Question
You must analyze a potential new product - a caulking compond that Cory Materials' R&D people developed for use in the residential construction industry. Cory's
You must analyze a potential new product - a caulking compond that Cory Materials' R&D people developed for use in the residential construction industry. Cory's marketing manager thinks the company can sell the 115,000 tubes per year at a price of $3.25 each for 3 years, after which the product will be obsolete. The required equipment would cost $150,000, plus another $25,000 for shipping and installation.
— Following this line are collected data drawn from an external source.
(* If [p] and [p * u^2] are probability vectors with affinity
   [B = sum p u] (the Bhattacharyya coefficient of the two distributions),
   their squared l1 distance is at most [4 (1 - B^2) <= - 8 ln B]. *)
Lemma l1_sq_le_neg_log_affinity I (p u : I -> R) :
  (forall i, 0 <= p i) -> (forall i, 0 <= u i) ->
  \sum_i p i = 1 -> \sum_i p i * u i ^+ 2 = 1 -> 0 < \sum_i p i * u i ->
  (\sum_i `|p i * u i ^+ 2 - p i|) ^+ 2 <= - 8 * ln (\sum_i p i * u i).
Proof.
move=> p_ge0 u_ge0 p_sum pu2_sum; set B := \sum_i p i * u i => B_gt0.
have factor i : `|p i * u i ^+ 2 - p i| = p i * `|u i - 1| * (u i + 1).
  have -> : p i * u i ^+ 2 - p i = p i * (u i - 1) * (u i + 1) by ring.
  by rewrite !normrM (ger0_norm (p_ge0 i)) [`|u i + 1|]ger0_norm // addr_ge0.
have moment (s : R) : \sum_i p i * (u i + s) ^+ 2 = 1 + 2 * s * B + s ^+ 2.
  under eq_bigr do rewrite sqrrD mulrDr mulrDr.
  rewrite !big_split /= pu2_sum -mulr_suml p_sum mul1r /B mulr_sumr.
  by congr (_ + _ + _); apply: eq_bigr => i _; ring.
have cs := weighted_cauchy_schwarz (fun i => `|u i - 1|) (fun i => u i + 1) p_ge0.
have sq_norm : \sum_i p i * `|u i - 1| ^+ 2 = \sum_i p i * (u i - 1) ^+ 2.
  by apply: eq_bigr => i _; rewrite real_normK ?num_real.
rewrite /= sq_norm !moment in cs.
under eq_bigr do rewrite factor.
have lnB : ln B <= B - 1.
  by have := @le_ln1Dx R (B - 1); rewrite addrCA subrr addr0; apply; lra.
have B_le1 : B <= 1.
  have : 0 <= \sum_i p i * (u i - 1) ^+ 2.
    by apply: sumr_ge0 => i _; rewrite mulr_ge0 ?sqr_ge0.
  rewrite moment; nra.
apply: le_trans cs _; nra.
Qed.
Current assets (receivables and inventories) would increase by $35,000, while current liabilities (accounts payable and accruals) would rise by $15,000. Variable cost per unit is $1.95, fixed costs (exclusive and depreciation) would be $70,000 per year, and fixed assets would be depreciated under MACRS with a 3-year life. (Refer to Appendix 12A for MACRS depreciation rates.) When production ceases after 3 years, the equipment should have a market value of $15,000. Cory's tax rate is 40%, and it uses 10% WACC for average-risk projects.
a. Find the required Year 0 investment and the project's annual cash flows. Then calculate the project's NPV, IRR, MIRR, and payback. ASsume at this point that the project is of average risk.
b. Suppose you now learn that R&D costs for the new product were $30,000 and that those costs were incurred and expensed for tax purposes last year. How would this affect your estimate of NPV and the other profitability measures?
c. If the new project would reduce cash flows from Cory's other projects and if the new project would be hosues in an empty building that Cory owns and could sell, how would those factors affect the project's NPV?